Jerry Smith, the Assistant Vice President for Enrollment Management, is one of many staff members involved with the project.

He said that NKU has always been “basically an open admission institution. You could get in one way or the other. And I think that is what is on the table to change at some point in the future.”

Students who would be most affected by a revised admissions policy are those Smith calls “low-end.”

“What our research has shown us is that we’re bringing in some folks way down the ladder…and these people statistically are not succeeding,” said Smith. “What we’re looking at right now is how we can best implement…and raise the bar for admission standards.”

The earliest the new standards will take effect is the 2004-2005 school year. No details of the new standards have yet been confirmed.

Smith said, “It truly is a work in progress with no decisions final other than the decision that we want to move toward some admission standards.”

He added that the new requirements “will probably ladder up incrementally,” although cutoff points have not yet been determined.

The vision of the project is clear, however: to raise the standard of education at NKU by increasing the bar of incoming students.

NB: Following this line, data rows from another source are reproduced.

Lemma stateP t : (t <= size s)%N -> state_inv t.
Proof.
elim: t => [|t IH] ts i; first by split=> // j; rewrite mem_active.
have [uniq_S sorted_S cost_S mem_S] := IH (ltnW ts) i.
rewrite [state _ _ _.+1]/=; case st: (upd s t) => [a c|j0] /=.
  have mem_act j := mem_active_ins valid_s j ts st.
  have size_t : item_size s t = a by rewrite /item_size st.
  have t_notin : t \notin active s t by apply/negP => /active_lt; rewrite ltnn.
  case: eqVneq => [def_i|ne_i]; last first.
    split=> // j; rewrite inE mem_act mem_S inE andb_orl.
    case: (eqVneq j t) => [->|_]; last by rewrite orbF.
    by rewrite (negbTE t_notin) size_t eq_sym (negbTE ne_i).
  have perm_S := perm_map fst (perm_push entry_key (t, c) (state n s t i)).
  split.
  - by rewrite (perm_uniq perm_S) /= uniq_S andbT mem_S inE (negbTE t_notin).
  - exact: sorted_push.
  - move=> e; rewrite (perm_mem (perm_push _ _ _)) inE => /predU1P[-> | /cost_S //].
    by rewrite /item_cost st.
  - move=> j; rewrite (perm_mem perm_S) !inE mem_act mem_S inE andb_orl.
    case: (eqVneq j t) => [->|_]; last by rewrite orbF.
    by rewrite size_t -def_i eqxx orbT.
have perm_S : perm_eq (map fst (remove entry_key fst j0 (state n s t i)))
                     [seq j <- map fst (state n s t i) | j != j0].
  by rewrite filter_map; apply/perm_map/perm_remove.
split.
- by rewrite (perm_uniq perm_S) filter_uniq.
- exact: sorted_remove.
- by move=> e /mem_remove /cost_S.
- move=> j; rewrite (perm_mem perm_S) mem_filter mem_S.
  by rewrite !inE (mem_active_del j ts st) andbAC andbC.
Qed.

End Invariant.

Lemma fits_total_size (R : realType) (sz : nat -> R) (A : seq nat) (k : nat) :
  fits sz A k -> \sum_(j <- A) sz j <= k%:R.
Proof.
case=> P [feasP P_lt].
have -> : \sum_(j <- A) sz j = \sum_(j <- A | (P j < k)%N) sz j.
  rewrite big_seq_cond [RHS]big_seq_cond; apply: eq_bigl => j.
  by rewrite andbT; case: (boolP (j \in A)) => // /P_lt ->.
rewrite -sum_by_class (le_trans (ler_sum _ (fun b _ => feasP b))) //.
by rewrite sumr_const_nat subn0.
Qed.

Lemma trunc_log2_le_log2 (R : realType) n : (trunc_log 2 n)%:R <= log2 (n%:R : R).
Proof.
case: n => [|n]; first by rewrite trunc_log0 /log2 ln0 // mul0r.
rewrite /log2 ler_pdivlMr ?ln2_gt0 // mulr_natl -lnXn ?ltr0n //.
rewrite ler_ln ?posrE ?exprn_gt0 ?ltr0n // -natrX ler_nat.
exact: trunc_logP.
Qed.
Lemma polyfunM E1 E2 f g :
  polyfun E1 f -> polyfun E2 g -> polyfun (E1 + E2) (fun z => f z * g z).
Proof.
move=> [a ha] [b hb].
have hm (c1 : {ffun X -> 'I_E1}) (c2 : {ffun X -> 'I_E2}) :
    polyfun (E1 + E2) (fun z => monomial c1 z * monomial c2 z).
  have lt_add x : (c1 x + c2 x < E1 + E2)%N.
    by have := ltn_ord (c1 x); have := ltn_ord (c2 x); lia.
  apply: eq_polyfun (polyfun_monomial [ffun x => Ordinal (lt_add x)]) => z.
  by rewrite /monomial -big_split; apply: eq_bigr => x _; rewrite ffunE exprD.
apply: eq_polyfun (polyfun_sum (index_enum _) (fun c1 => polyfun_sum
   (index_enum _) (fun c2 => polyfunMl (a c1 * b c2) (hm c1 c2)))) => z.
rewrite ha hb mulr_suml; apply: eq_bigr => c1 _; rewrite mulr_sumr.
by apply: eq_bigr => c2 _; rewrite mulrACA.
Qed.

Lemma polyfun1 : polyfun 1 (fun _ => 1).
Proof.
apply: eq_polyfun (polyfun_monomial [ffun _ => ord0]) => z.
by rewrite /monomial big1 // => x _; rewrite ffunE expr0.
Qed.

Lemma polyfun_var x : polyfun 2 (fun z => z x).
Proof.
apply: eq_polyfun (polyfun_monomial [ffun y => (y == x)%:R]) => z.
rewrite /monomial (bigD1 x) //= ffunE eqxx expr1 big1 ?mulr1 // => y /negPf hy.
by rewrite ffunE hy expr0.
Qed.

Lemma polyfunX E f j : polyfun E f -> polyfun (j * E).+1 (fun z => f z ^+ j).
Proof.
move=> hf; elim: j => [|j IH].
  by apply: eq_polyfun polyfun1 => z; rewrite expr0.
apply: eq_polyfun (polyfun_widen _ (polyfunM IH hf)) => [z|].
  by rewrite exprSr.
by rewrite mulSn addSn addnC.
Qed.

Lemma polyfun_prod (I : Type) (s : seq I) (e : I -> nat) F :
  (forall i, polyfun (e i) (F i)) ->
  polyfun (\sum_(i <- s) e i).+1 (fun z => \prod_(i <- s) F i z).
Proof.
move=> hF; elim: s => [|i s IH].
  by rewrite big_nil; apply: eq_polyfun polyfun1 => z; rewrite big_nil.
rewrite big_cons -addnS; apply: eq_polyfun (polyfunM (hF i) IH) => z.
by rewrite big_cons.
Qed.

“We’ve got a wide range of students, and we’re trying to focus more on the mid and upper-mid range and gravitating on up to some of the high-end ability students in some of our…programs of excellence,” said Smith.

“Serving the students in the best way possible is the vision,” said Joel Robinson, Director of the Office of Admissions, who is also a member of the planning team for the new policy.

NKU will work with Gateway Community College in order to accommodate the needs of students that will be turned away from the university by the new standards.

“Gateway will definitely be a factor,” said Smith. “Gateway will have a lower-priced tuition, they will have probably some support services for low-end students.”

Smith said the eventual goal is for low-performing students to attend Gateway and receive academic help from its student-support systems.

Students may then transfer their credits to NKU or continue their education after obtaining a degree from Gateway.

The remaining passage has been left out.